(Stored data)
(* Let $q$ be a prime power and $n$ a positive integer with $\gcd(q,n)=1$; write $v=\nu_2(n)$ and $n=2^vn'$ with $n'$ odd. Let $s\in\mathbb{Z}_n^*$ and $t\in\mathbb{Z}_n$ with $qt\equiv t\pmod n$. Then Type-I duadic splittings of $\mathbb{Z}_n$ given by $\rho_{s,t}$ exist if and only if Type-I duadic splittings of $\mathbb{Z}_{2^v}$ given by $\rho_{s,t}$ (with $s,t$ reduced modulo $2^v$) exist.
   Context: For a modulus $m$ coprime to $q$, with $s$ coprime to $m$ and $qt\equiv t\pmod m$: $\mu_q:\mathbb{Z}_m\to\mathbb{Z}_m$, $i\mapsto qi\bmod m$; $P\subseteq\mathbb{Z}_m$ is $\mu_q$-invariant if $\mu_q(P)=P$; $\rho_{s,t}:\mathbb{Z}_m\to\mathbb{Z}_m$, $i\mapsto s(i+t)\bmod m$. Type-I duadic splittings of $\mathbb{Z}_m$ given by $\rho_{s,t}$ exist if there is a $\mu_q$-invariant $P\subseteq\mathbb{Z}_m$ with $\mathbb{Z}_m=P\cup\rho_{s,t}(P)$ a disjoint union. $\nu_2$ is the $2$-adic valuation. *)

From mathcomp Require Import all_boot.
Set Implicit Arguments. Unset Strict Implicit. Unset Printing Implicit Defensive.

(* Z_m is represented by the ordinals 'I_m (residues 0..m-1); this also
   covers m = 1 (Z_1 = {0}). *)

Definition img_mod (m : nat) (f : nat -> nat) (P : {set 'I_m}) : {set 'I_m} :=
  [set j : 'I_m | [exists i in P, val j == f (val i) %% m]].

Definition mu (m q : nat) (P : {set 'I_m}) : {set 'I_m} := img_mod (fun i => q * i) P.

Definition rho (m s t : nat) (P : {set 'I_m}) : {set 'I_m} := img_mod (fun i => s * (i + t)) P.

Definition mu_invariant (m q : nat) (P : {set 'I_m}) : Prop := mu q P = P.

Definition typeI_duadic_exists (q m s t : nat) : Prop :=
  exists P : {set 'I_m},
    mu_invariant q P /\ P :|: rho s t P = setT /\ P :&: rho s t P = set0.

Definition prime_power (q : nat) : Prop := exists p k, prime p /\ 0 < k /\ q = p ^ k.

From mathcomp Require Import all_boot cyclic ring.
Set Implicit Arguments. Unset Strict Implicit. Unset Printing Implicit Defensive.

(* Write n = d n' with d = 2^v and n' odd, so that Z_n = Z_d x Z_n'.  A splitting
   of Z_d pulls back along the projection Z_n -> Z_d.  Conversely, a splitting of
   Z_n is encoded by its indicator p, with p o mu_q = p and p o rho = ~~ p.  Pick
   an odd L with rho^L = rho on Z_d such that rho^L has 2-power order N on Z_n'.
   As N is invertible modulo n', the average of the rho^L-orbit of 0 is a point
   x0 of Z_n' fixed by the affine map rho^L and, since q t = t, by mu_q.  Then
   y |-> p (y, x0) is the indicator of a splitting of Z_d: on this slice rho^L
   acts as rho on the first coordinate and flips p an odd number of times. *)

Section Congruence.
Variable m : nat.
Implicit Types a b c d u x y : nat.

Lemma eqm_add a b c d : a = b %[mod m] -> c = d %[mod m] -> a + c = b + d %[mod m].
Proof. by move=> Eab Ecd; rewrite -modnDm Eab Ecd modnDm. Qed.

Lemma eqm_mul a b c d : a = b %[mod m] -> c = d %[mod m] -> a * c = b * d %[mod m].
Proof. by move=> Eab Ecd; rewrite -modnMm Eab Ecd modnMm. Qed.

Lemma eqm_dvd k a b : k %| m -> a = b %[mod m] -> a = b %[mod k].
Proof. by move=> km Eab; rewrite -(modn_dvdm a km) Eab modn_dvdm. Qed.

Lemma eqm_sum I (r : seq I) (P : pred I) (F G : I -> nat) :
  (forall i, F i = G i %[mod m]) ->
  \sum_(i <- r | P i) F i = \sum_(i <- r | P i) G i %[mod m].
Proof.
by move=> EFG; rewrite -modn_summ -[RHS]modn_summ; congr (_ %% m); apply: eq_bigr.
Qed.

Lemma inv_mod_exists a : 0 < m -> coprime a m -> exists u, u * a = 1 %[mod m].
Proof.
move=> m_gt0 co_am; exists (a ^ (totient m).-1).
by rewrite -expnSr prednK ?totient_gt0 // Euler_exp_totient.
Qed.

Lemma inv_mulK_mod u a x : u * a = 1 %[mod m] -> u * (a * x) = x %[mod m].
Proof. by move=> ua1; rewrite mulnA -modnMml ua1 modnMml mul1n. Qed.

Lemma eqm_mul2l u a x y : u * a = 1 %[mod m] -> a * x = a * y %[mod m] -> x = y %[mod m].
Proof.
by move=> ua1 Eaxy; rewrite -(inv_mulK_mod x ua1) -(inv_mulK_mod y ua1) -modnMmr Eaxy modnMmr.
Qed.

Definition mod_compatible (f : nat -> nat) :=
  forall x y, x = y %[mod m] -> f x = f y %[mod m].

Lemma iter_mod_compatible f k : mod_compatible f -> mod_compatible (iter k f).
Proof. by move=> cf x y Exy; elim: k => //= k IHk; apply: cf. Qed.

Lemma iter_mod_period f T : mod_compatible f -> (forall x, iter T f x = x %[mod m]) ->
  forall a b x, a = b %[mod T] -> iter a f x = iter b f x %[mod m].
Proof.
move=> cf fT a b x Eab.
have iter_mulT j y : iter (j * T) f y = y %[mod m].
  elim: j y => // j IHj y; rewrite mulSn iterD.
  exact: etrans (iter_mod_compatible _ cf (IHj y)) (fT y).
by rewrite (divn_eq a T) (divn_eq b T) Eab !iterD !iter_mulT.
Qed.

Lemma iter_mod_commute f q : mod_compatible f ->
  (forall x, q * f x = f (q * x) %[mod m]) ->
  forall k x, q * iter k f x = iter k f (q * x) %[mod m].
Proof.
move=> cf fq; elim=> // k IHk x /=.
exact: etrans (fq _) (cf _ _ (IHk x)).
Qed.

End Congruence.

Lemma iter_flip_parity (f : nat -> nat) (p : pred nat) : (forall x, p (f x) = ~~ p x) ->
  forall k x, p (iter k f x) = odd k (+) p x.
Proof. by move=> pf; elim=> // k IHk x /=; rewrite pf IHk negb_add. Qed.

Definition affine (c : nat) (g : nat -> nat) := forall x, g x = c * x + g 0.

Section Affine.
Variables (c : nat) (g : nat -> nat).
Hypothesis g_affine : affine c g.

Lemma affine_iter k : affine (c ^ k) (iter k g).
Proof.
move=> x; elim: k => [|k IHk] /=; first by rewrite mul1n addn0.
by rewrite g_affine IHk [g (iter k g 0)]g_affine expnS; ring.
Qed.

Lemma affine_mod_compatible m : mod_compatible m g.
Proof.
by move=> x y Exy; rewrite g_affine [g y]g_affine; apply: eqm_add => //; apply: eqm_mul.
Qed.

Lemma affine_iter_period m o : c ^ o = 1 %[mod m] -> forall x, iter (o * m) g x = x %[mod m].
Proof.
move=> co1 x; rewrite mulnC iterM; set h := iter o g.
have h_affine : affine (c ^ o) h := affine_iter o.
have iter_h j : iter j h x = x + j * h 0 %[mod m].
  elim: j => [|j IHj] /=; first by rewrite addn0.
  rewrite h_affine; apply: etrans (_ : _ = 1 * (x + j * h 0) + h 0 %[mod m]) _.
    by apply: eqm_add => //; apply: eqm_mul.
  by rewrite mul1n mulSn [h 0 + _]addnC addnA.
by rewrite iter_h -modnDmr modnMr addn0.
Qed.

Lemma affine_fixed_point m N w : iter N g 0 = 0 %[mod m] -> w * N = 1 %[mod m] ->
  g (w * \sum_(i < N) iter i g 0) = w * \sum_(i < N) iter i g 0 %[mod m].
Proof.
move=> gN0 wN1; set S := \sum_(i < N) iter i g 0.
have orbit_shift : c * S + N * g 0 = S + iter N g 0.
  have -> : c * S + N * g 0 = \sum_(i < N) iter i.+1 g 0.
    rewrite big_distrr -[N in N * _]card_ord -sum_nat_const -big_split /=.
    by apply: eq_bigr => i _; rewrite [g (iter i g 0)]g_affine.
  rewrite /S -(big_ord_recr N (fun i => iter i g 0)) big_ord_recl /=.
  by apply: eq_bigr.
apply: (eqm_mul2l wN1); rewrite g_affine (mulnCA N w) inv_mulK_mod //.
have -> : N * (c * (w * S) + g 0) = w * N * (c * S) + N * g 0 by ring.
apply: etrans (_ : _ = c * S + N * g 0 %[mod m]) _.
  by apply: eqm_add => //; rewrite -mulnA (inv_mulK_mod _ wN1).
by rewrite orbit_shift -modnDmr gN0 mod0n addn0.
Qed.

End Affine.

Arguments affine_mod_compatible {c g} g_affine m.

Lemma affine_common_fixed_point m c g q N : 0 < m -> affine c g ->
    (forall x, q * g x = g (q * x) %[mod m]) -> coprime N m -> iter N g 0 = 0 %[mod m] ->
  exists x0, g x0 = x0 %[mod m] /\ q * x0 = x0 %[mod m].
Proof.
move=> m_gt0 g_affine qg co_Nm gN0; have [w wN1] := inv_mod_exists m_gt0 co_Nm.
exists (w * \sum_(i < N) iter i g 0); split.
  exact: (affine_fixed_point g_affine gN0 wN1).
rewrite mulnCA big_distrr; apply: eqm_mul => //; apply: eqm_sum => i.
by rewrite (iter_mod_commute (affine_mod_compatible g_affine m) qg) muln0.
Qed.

Work instructions: Check every line above for the word "this" and copy those that have it.

Expected answer:
(* Z_m is represented by the ordinals 'I_m (residues 0..m-1); this also
   y |-> p (y, x0) is the indicator of a splitting of Z_d: on this slice rho^L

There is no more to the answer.